PHP Picking tool: Snoopy trial experience

Source: Internet
Author: User
PHP Acquisition Tool: Snoopy trial experience

Snoopy is a PHP class that simulates the function of a browser and can retrieve the contents of a Web page and send a form. Snoopy the PHP version that requires your server to run correctly is above 4 and supports Pcre (Perl Compatible Regular Expressions), basic lamp service is supported.

First, some characteristics of Snoopy:

1. Fetching the content of a Web page fetch

2. Crawl the text content of the Web page (remove HTML tags) fetchtext

3. Crawl Web links, form fetchlinks Fetchform

4. Support Agent Host

5. Support Basic username/password Verification

6. Support Settings user_agent, Referer (routing), cookies and header content (header file)

7. Support browser redirection, and can control the depth of redirection

8. Can expand the link in the Web page into a high-quality URL (default)

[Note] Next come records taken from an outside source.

(* Let $n\ge2$, $q_1,q_2\in\mathbb{C}$ with $q_1q_2\ne0$ and $q_1\ne q_2$, and $q=-q_2/q_1$. Let $J=\mathrm{diag}(1,q,\dots,q^{n-1})$ and, for $1\le i\le n-1$, $S_i=\frac{1}{q_1-q_2}\bigl(2\beta_i-(q_1+q_2)I_n\bigr)$, where $\beta_i$ is the matrix of $T_i$ on $\mathbf{E}$. Then $S_i^{\mathsf T}JS_i=J$ (so $S_i$ preserves the form $\langle-,-\rangle$). Moreover, with $f_0=e_1+\cdots+e_n$, $f_i=q_2e_i+q_1e_{i+1}$ and $\mathbf{L}^\perp=\{v\in\mathbf{E}:\langle v,f_0\rangle=0\}$, for each $i=1,\dots,n-1$: (a) $S_if_0=f_0$; (b) $f_i\in\mathbf{L}^\perp$; (c) $\mathbf{L}^\perp$ is an $H_n(q_1,q_2)$-submodule of $\mathbf{E}$; (d) $\mathbf{F}=\mathbf{L}^\perp$, where $\mathbf{F}=\mathrm{span}(f_1,\dots,f_{n-1})$.
   Context: The Iwahori--Hecke algebra $H_n(q_1,q_2)$ is generated by $T_1,\dots,T_{n-1}$ subject to $T_iT_{i+1}T_i=T_{i+1}T_iT_{i+1}$, $T_iT_j=T_jT_i$ ($|i-j|>1$) and $(T_i-q_1)(T_i-q_2)=0$. It acts on $\mathbf{E}=\mathbb{C}^n$ (basis $e_1,\dots,e_n$) by $T_ie_j=q_1e_j$ ($j\ne i,i+1$), $T_ie_{i+1}=-q_2e_i$, $T_ie_i=(q_1+q_2)e_i+q_1e_{i+1}$ (generalized Burau representation). The symmetric bilinear form on $\mathbf{E}$ is $\langle e_i,e_j\rangle=\delta_{ij}q^{j-1}$, with Gram matrix $J$. *)

From HB Require Import structures.
From mathcomp Require Import all_boot all_order all_algebra.
From mathcomp Require Import reals.
From mathcomp Require Import complex.
Set Implicit Arguments. Unset Strict Implicit. Unset Printing Implicit Defensive.
Import Order.TTheory GRing.Theory Num.Theory.
Local Open Scope ring_scope.

Section Burau.
Variables (R : realType).
Local Notation C := R[i].
Variables (q1 q2 : C) (n : nat).

(* Indices are 0-based: basis vector e_{k+1} of the paper is the k-th
   standard column vector, and generator T_{i+1} of the paper is
   [burau i] for i < n-1. *)

(* matrix beta_i of T_i on E = C^n, in the column convention:
   column c holds the coordinates of T_i e_c. *)
Definition burau (i : nat) : 'M[C]_n :=
  \matrix_(r, c)
    if (c == i :> nat) then
      (if (r == i :> nat) then q1 + q2 else if (r == i.+1 :> nat) then q1 else 0)
    else if (c == i.+1 :> nat) then
      (if (r == i :> nat) then - q2 else 0)
    else (if r == c then q1 else 0).

Definition qpar : C := - q2 / q1.

Definition Jmat : 'M[C]_n := diag_mx (\row_(j < n) qpar ^+ j).

Definition form (v w : 'cV[C]_n) : C := (v^T *m Jmat *m w) ord0 ord0.

Definition Smat (i : nat) : 'M[C]_n :=
  (q1 - q2)^-1 *: (2%:R *: burau i - (q1 + q2) *: 1%:M).

Definition f0 : 'cV[C]_n := const_mx 1.

(* f_{i+1} = q2 e_{i+1} + q1 e_{i+2} (paper indexing), 0-based here *)
Definition fvec (i : nat) : 'cV[C]_n :=
  \col_(r < n) (if (r == i :> nat) then q2 else if (r == i.+1 :> nat) then q1 else 0).

Definition Lperp (v : 'cV[C]_n) : Prop := form v f0 = 0.

End Burau.

(* The generator acts by the rank-one perturbation beta_i = q1 + f_i (e_i - e_{i+1})^T,
   and since q1 q = -q2 the Gram matrix sends f_i to q2 q^i (e_i - e_{i+1}).  Hence
   S_i = 1 + 2/(q1 - q2) f_i (e_i - e_{i+1})^T is the orthogonal reflection
   v |-> v - 2 <v, f_i>/<f_i, f_i> f_i of the symmetric form: it is an isometry and
   fixes f_0, which is orthogonal to f_i.  The same description shows that the
   functional <-, f_0> is an eigenvector of beta_i^T, so L^perp is stable.  Finally J
   maps L^perp onto the hyperplane of coordinate sum zero, spanned by the simple roots
   e_k - e_{k+1} with partial sums as coefficients, and maps each f_k to a nonzero
   multiple of e_k - e_{k+1}. *)

From Pilot Require Import Defs.
From HB Require Import structures.
From mathcomp Require Import all_boot all_order all_algebra.
From mathcomp Require Import reals complex.
From mathcomp Require Import ring.
Import Order.TTheory GRing.Theory Num.Theory.
Local Open Scope ring_scope.

Section FormReflection.
Variables (F : fieldType) (n : nat) (J : 'M[F]_n) (f : 'cV[F]_n).

Definition form_reflection : 'M[F]_n :=
  1%:M - (2 / (f^T *m J *m f) 0 0) *: (f *m (f^T *m J)).

Lemma form_reflection_isometry :
  J^T = J -> (f^T *m J *m f) 0 0 != 0 ->
  form_reflection^T *m J *m form_reflection = J.
Proof.
move=> J_sym c_neq0; rewrite /form_reflection.
set c := (f^T *m J *m f) 0 0; set g := f^T *m J; set a := 2 / c.
have gf : g *m f = c%:M by rewrite [LHS]mx11_scalar.
have JS : J *m (1%:M - a *: (f *m g)) = J - a *: (J *m f *m g).
  by rewrite mulmxBr mulmx1 -scalemxAr mulmxA.
have STJ : (1%:M - a *: (f *m g))^T *m J = J - a *: (J *m f *m g).
  rewrite linearB /= trmx1 linearZ /= !trmx_mul trmxK J_sym.
  by rewrite mulmxBl mul1mx -scalemxAl !mulmxA.
have gS : g *m (1%:M - a *: (f *m g)) = - g.
  rewrite mulmxBr mulmx1 -scalemxAr mulmxA gf mul_scalar_mx scalerA.
  by rewrite /a mulfVK // scaler_nat mulr2n opprD addrA subrr add0r.
rewrite STJ mulmxBl JS -scalemxAl -[J *m f *m g *m _]mulmxA gS.
by rewrite mulmxN scalerN opprK subrK.
Qed.

Lemma form_reflection_fix (v : 'cV[F]_n) : f^T *m J *m v = 0 -> form_reflection *m v = v.
Proof.
move=> fv0; rewrite /form_reflection mulmxBl mul1mx -scalemxAl -[f *m _ *m v]mulmxA.
by rewrite fv0 mulmx0 scaler0 subr0.
Qed.

End FormReflection.

Arguments form_reflection {F n}.

Section SimpleRoots.
Variable F : pzRingType.

Definition simple_root (n k : nat) : 'cV[F]_n :=
  \col_(r < n) ((r == k :> nat)%:R - (r == k.+1 :> nat)%:R).

Lemma simple_root_tmul n k (g : 'cV[F]_n) (k1_lt_n : (k.+1 < n)%N) :
  ((simple_root n k)^T *m g) 0 0 = g (Ordinal (ltnW k1_lt_n)) 0 - g (Ordinal k1_lt_n) 0.
Proof.
rewrite mxE; under eq_bigr do rewrite !mxE mulrBl !mulr_natl !mulrb.
rewrite sumrB -!big_mkcond /= (big_pred1 (Ordinal (ltnW k1_lt_n))) => [|r].
  by rewrite (big_pred1 (Ordinal k1_lt_n)) // => r; rewrite /= -val_eqE.
by rewrite /= -val_eqE.
Qed.

Lemma sum_eq0_simple_roots n (w : 'cV[F]_n) :
  \sum_r w r 0 = 0 -> exists c : nat -> F, w = \sum_(k < n.-1) c k *: simple_root n k.
Proof.
case: n w => [|m] w w_sum0; first by exists (fun=> 0); rewrite !flatmx0.
pose P k := \sum_(j < k) w (inord j) 0.
have P_last : P m.+1 = 0 by rewrite -w_sum0; apply: eq_bigr => j _; rewrite inord_val.
exists (fun k => P k.+1); apply/matrixP => r z; rewrite [z]ord1 summxE.
under eq_bigr do rewrite !mxE mulrBr !mulr_natr !mulrb.
rewrite sumrB -!big_mkcond /=.
have -> : \sum_(k < m | r == k :> nat) P k.+1 = P r.+1.
  rewrite (eq_bigl (fun k : 'I_m => k == r :> nat)) => [|k]; last exact: eq_sym.
  rewrite (big_ord1_eq _ (fun k => P k.+1)); case: ltnP => // r_ge_m.
  by have /eqP -> : (r == m :> nat) by rewrite eqn_leq r_ge_m -ltnS ltn_ord.
have -> : \sum_(k < m | r == k.+1 :> nat) P k.+1 = P r.
  case: r => [[|s] s_lt] /=; first by rewrite big_pred0 // /P big_ord0.
  rewrite (eq_bigl (fun k : 'I_m => k == s :> nat)) => [|k]; last by rewrite eqSS eq_sym.
  by rewrite (big_ord1_eq _ (fun k => P k.+1)) -ltnS s_lt.
by rewrite /P big_ord_recr /= inord_val addrC addrK.
Qed.

End SimpleRoots.

Section BurauForm.
Variables (R : realType) (q1 q2 : R[i]) (n : nat).
Hypotheses (q1_neq0 : q1 != 0) (q2_neq0 : q2 != 0).
Local Notation q := (qpar q1 q2).
Local Notation J := (Jmat q1 q2 n).
Local Notation f := (fvec q1 q2 n).
Local Notation e := (@simple_root R[i] n).
Local Notation f0 := (f0 R n).
Local Notation form := (Defs.form q1 q2).

Lemma qpar_neq0 : q != 0.
Proof. by rewrite /qpar mulf_neq0 ?oppr_eq0 ?invr_eq0. Qed.

Lemma mulr_q1_qpar : q1 * q = - q2.
Proof. by rewrite mulrC divfK. Qed.

Lemma trmx_Jmat : J^T = J.
Proof. exact: tr_diag_mx. Qed.

Lemma Jmat_mulE (v : 'cV_n) r : (J *m v) r 0 = q ^+ r * v r 0.
Proof. by rewrite mul_diag_mx !mxE. Qed.

Lemma Jmat_inj (v w : 'cV_n) : J *m v = J *m w -> v = w.
Proof.
move=> Jvw; apply/matrixP => r z; rewrite [z]ord1.
by apply: (mulfI (expf_neq0 r qpar_neq0)); rewrite -!Jmat_mulE Jvw.
Qed.

Lemma Jmat_fvec k : J *m f k = (q2 * q ^+ k) *: e k.
Proof.
apply/matrixP => r z; rewrite [z]ord1 Jmat_mulE !mxE.
case: eqP => [->|_]; first by rewrite (ltn_eqF (ltnSn k)) subr0 mulr1 mulrC.
case: eqP => [->|_]; last by rewrite subrr !mulr0.
by rewrite exprSr -mulrA [q * _]mulrC mulr_q1_qpar sub0r mulrN1 mulrN mulrC.
Qed.

Lemma burauE i : burau q1 q2 n i = q1 *: 1%:M + f i *m (e i)^T.
Proof.
apply/matrixP => r c; rewrite !mxE big_ord1 !mxE -val_eqE /=.
have [-> {c}|ci] := eqVneq (c : nat) i.
  rewrite (ltn_eqF (ltnSn i)) subr0 mulr1.
  by case: (r == i :> nat); case: (r == i.+1 :> nat) => /=; ring.
have [-> {c ci}|ci1] := eqVneq (c : nat) i.+1.
  rewrite sub0r mulrN1.
  have [->|ri] := eqVneq (r : nat) i; first by rewrite (ltn_eqF (ltnSn i)) mulr0 add0r.
  by case: (r == i.+1 :> nat) => /=; ring.
by rewrite subrr mulr0 addr0; case: (r == c :> nat) => /=; ring.
Qed.

Lemma trmx_fvec_Jmat k : (f k)^T *m J = (q2 * q ^+ k) *: (e k)^T.
Proof. by rewrite -trmx_Jmat -trmx_mul Jmat_fvec linearZ. Qed.

Lemma form_fvecl k (w : 'cV_n) : form (f k) w = q2 * q ^+ k * ((e k)^T *m w) 0 0.
Proof. by rewrite /form trmx_fvec_Jmat -scalemxAl mxE. Qed.

Lemma form_fvec_f0 k : (k.+1 < n)%N -> form (f k) f0 = 0.
Proof. by move=> k1_lt_n; rewrite form_fvecl simple_root_tmul !mxE subrr mulr0. Qed.

Lemma form_fvec_fvec k : (k.+1 < n)%N -> form (f k) (f k) = q2 * q ^+ k * (q2 - q1).
Proof.
move=> k1_lt_n; rewrite form_fvecl simple_root_tmul !mxE /=.
by rewrite eqxx (gtn_eqF (ltnSn k)) eqxx.
Qed.

Section SmatReflection.
Variable i : nat.
Hypotheses (q1_neq_q2 : q1 != q2) (i1_lt_n : (i.+1 < n)%N).

Lemma Smat_reflection : Smat q1 q2 n i = form_reflection J (f i).
Proof.
rewrite /Smat /form_reflection burauE -/(form (f i) (f i)) form_fvec_fvec //.
rewrite trmx_fvec_Jmat -scalemxAr.
have qi_neq0 : q ^+ i != 0 := expf_neq0 i qpar_neq0.
move: (f i *m _) => M.
apply/matrixP => r c; rewrite !mxE.
by field; rewrite qi_neq0 q2_neq0 !subr_eq0 eq_sym q1_neq_q2.
Qed.

Lemma Smat_isometry : (Smat q1 q2 n i)^T *m J *m Smat q1 q2 n i = J.
Proof.
rewrite Smat_reflection form_reflection_isometry ?trmx_Jmat //.
rewrite -/(form (f i) (f i)) form_fvec_fvec // !mulf_neq0 ?expf_neq0 ?qpar_neq0 //.
by rewrite subr_eq0 eq_sym.
Qed.

Lemma Smat_f0 : Smat q1 q2 n i *m f0 = f0.
Proof.
rewrite Smat_reflection form_reflection_fix // [LHS]mx11_scalar.
by rewrite -/(form (f i) f0) form_fvec_f0 // raddf0.
Qed.

End SmatReflection.

Lemma form_burau_f0 i (v : 'cV_n) : (i.+1 < n)%N ->
  form (burau q1 q2 n i *m v) f0 = q1 * form v f0.
Proof.
move=> i1_lt_n.
have fJf0 : (f i)^T *m J *m f0 = 0.
  by rewrite [LHS]mx11_scalar -/(form (f i) f0) form_fvec_f0 // raddf0.
have burauT_Jf0 : (burau q1 q2 n i)^T *m (J *m f0) = q1 *: (J *m f0).
  rewrite burauE linearD /= linearZ /= trmx1 trmx_mul trmxK mulmxDl -scalemxAl mul1mx.
  by rewrite -mulmxA [(f i)^T *m _]mulmxA fJf0 mulmx0 addr0.
by rewrite /form trmx_mul -!mulmxA burauT_Jf0 -scalemxAr mxE mulmxA.
Qed.

Lemma Lperp_burau i (v : 'cV_n) :
  (i.+1 < n)%N -> Lperp q1 q2 v -> Lperp q1 q2 (burau q1 q2 n i *m v).
Proof. by move=> i1_lt_n; rewrite /Lperp form_burau_f0 // => ->; rewrite mulr0. Qed.

Lemma form_f0E (v : 'cV_n) : form v f0 = \sum_r (J *m v) r 0.
Proof.
rewrite /form -{1}trmx_Jmat -trmx_mul mxE.
by apply: eq_bigr => r _; rewrite !mxE mulr1.
Qed.

Lemma Lperp_sum_fvec (c : nat -> R[i]) : Lperp q1 q2 (\sum_(k < n.-1) c k *: f k).
Proof.
rewrite /Lperp form_f0E mulmx_sumr; under eq_bigr do rewrite summxE.
rewrite exchange_big big1 // => k _; under eq_bigr do rewrite -scalemxAr mxE.
by rewrite -mulr_sumr -form_f0E form_fvec_f0 ?mulr0 // -ltn_predRL.
Qed.

Lemma Lperp_fvec_span (v : 'cV_n) :
  Lperp q1 q2 v -> exists c : nat -> R[i], v = \sum_(k < n.-1) c k *: f k.
Proof.
rewrite /Lperp form_f0E => /sum_eq0_simple_roots [c Jv].
exists (fun k => c k / (q2 * q ^+ k)); apply: Jmat_inj; rewrite Jv mulmx_sumr.
apply: eq_bigr => k _; rewrite -scalemxAr Jmat_fvec scalerA divfK //.
by rewrite mulf_neq0 ?expf_neq0 ?qpar_neq0.
Qed.

End BurauForm.

Theorem lemma3p5 (R : realType) (n : nat) (q1 q2 : R[i]) :
  (2 <= n)%N -> q1 * q2 != 0 -> q1 != q2 ->
  (forall i : nat, (i.+1 < n)%N ->
     (Smat q1 q2 n i)^T *m Jmat q1 q2 n *m Smat q1 q2 n i = Jmat q1 q2 n) /\
  (forall i : nat, (i.+1 < n)%N ->
     [/\ Smat q1 q2 n i *m f0 R n = f0 R n,
         Lperp q1 q2 (fvec q1 q2 n i) &
         (forall v : 'cV[R[i]]_n, Lperp q1 q2 v -> Lperp q1 q2 (burau q1 q2 n i *m v))]) /\
  (forall v : 'cV[R[i]]_n, Lperp q1 q2 v <->
     exists c : nat -> R[i], v = \sum_(k < n.-1) c k *: fvec q1 q2 n k).
Proof.
move=> _ q12_neq0 q1_neq_q2.
have /andP[q1_neq0 q2_neq0] : (q1 != 0) && (q2 != 0) by rewrite -negb_or -mulf_eq0.
split; [|split].
- by move=> i; apply: Smat_isometry.
- move=> i i1_lt_n.
  by split; [exact: Smat_f0 | exact: form_fvec_f0 | move=> v; exact: Lperp_burau].
- move=> v; split; first exact: Lperp_fvec_span.
  by case=> c ->; apply: Lperp_sum_fvec.
Qed.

9. Submit the data and get the return value

10. Support for tracking HTML framework

11. Support redirection of the time to pass cookies, require PHP4 above, because it is php a class, no need to support, the server does not support curl when the best choice.

Second, class method:

Fetch ($URI)
———–

This is the method used to crawl the contents of a Web page. The $URI parameter is the URL address of the crawled Web page. The results of the fetch are stored in the $this->results. If you are crawling a frame, Snoopy will track each frame back into the array and deposit it into the $this->results.

Fetchtext ($URI)
—————

This method is similar to fetch (), except that this method removes HTML tags and other unrelated data, returning only the text content in the page.

Fetchform ($URI)
—————

This method is similar to fetch (), except that this method removes HTML tags and other unrelated data and returns only the form content (form) in the Web page.

Fetchlinks ($URI)
—————-

This method is similar to fetch (), except that this method removes HTML tags and other unrelated data and only returns links to the Web page.
By default, relative links are automatically completed and converted to full URLs.

Submit ($URI, $formvars)
———————-

This method sends a confirmation form to the link address specified by the. $formvars is an array of stored form parameters.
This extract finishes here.